A Palestinian was killed on Friday when Israeli troops opened fire at him in an area near the border in the northern Gaza Strip, medical sources said.
Ashraf al-Qudra, a spokesman for Gaza's emergency services, confirmed a man in his early 20s was shot dead by troops near the border, but said they had not yet been able to retrieve his body.

A Russian ship that tried to deliver attack helicopters to Syria last month has again left its Arctic port carrying the same military cargo, the state's military export agency said on Friday.
"The Mi-25 helicopters subject for return to Syria after their repair are currently aboard the Alaed, which is sailing from the port in Murmansk to another port in Russia," Interfax quoted a Rosoboronexport statement as saying.

U.N. observers in Syria are ready to go to the central village of Treimsa, where 150 people were reported massacred, if a ceasefire is in place, mission chief Major General Robert Mood said on Friday.
"UNSMIS stands ready to go in and seek verification of the facts, if and when there is a credible ceasefire," Mood, the head of the U.N. Supervision Mission in Syria, told a news conference in Damascus.

Israeli border police killed a man and wounded another when the two tried to cross the Egyptian border into Israel, the army said on Friday, with a security source saying the two were unarmed Gazans.
"Overnight, Israeli border police identified two suspects infiltrating Israel through the Israel-Egypt border," an army spokesman said.

Syria's regime blames "bloodthirsty media" and "terrorist gangs" for a massacre in the village of Treimsa in the central province of Hama that rights activists say left at least 150 people dead, state-run SANA news agency said Friday.
"The bloodthirsty media in collaboration with gangs of armed terrorists massacred residents of Treimsa village ... to sway public opinion against Syria and its people and provoke international intervention on the eve of a U.N. Security Council meeting," SANA said.

U.N.-Arab League special envoy Kofi Annan is set to hold talks on Monday with Russian Foreign Minister Sergei Lavrov, Annan’s spokesman confirmed.
Ahmed Fawzi told Agence France Presse that the two will meet on Monday in Moscow.

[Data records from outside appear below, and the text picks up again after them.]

(* A morphism in $\mathbf{MetCH_{sep}}$ is an epimorphism if and only if it is surjective.
   Context: A metric on a set $X$ is a map $d\colon X\times X\to[0,\infty]$ with $d(x,x)=0$ and $d(x,z)\le d(x,y)+d(y,z)$ (not necessarily symmetric, $\infty$ allowed); separated means $d(x,y)=0=d(y,x)$ implies $x=y$. A separated metric compact Hausdorff space is a compact Hausdorff space with a separated metric $d\colon X\times X\to[0,\infty]$ continuous with respect to the upper topology on $[0,\infty]$ (open sets $]u,\infty]$, plus $\emptyset$ and $[0,\infty]$). $\mathbf{MetCH_{sep}}$ has these spaces as objects and continuous non-expansive maps ($d_Y(f(x),f(y))\le d_X(x,y)$) as morphisms. *)

From HB Require Import structures.
From mathcomp Require Import all_boot all_order all_algebra.
From mathcomp Require Import all_classical all_reals all_analysis.
From mathcomp Require Import Rstruct Rstruct_topology.

Set Implicit Arguments.
Unset Strict Implicit.
Unset Printing Implicit Defensive.

Import Order.TTheory GRing.Theory Num.Theory.
Local Open Scope classical_set_scope.
Local Open Scope ereal_scope.

(* Values in [0, +oo] are modelled as nonnegative extended reals. *)
Definition ExtR := \bar (Rdefinitions.R).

Syria's main opposition alliance Friday urged the U.N. Security Council to pass a binding resolution against Damascus following reports by activists that regime forces massacred at least 150 villagers.
"To stop this bloody madness which threatens the entity of Syria, as well as peace and the security in the region and in the world, requires an urgent and sharp resolution of the Security Council under Chapter VII (of the U.N. Charter) which protects the Syrian people," the Syrian National Council said.

The U.S. said Friday that Syrian officials would be "held accountable" if they failed to safeguard the country's chemical weapons after a report suggested some were being moved out of storage.
The Wall Street Journal reported on Thursday that intelligence reports suggested some chemical weapons were on the move, but the reasons for the transfers were unclear.

Syrian troops with tanks and helicopters slaughtered more than 150 people in a central village, rights activists said Friday, casting a dark shadow over efforts to stop the bloodshed.

The head of Tunisia's ruling Islamist party Ennahda called on Thursday for national consensus at the launch of its first congress at home in 24 years, held at a time of political and religious tensions.
"We want to convey a message from this congress, this congress of a union of the Tunisian people. We are a united people," Rached Ghannouchi told around 10,000 supporters.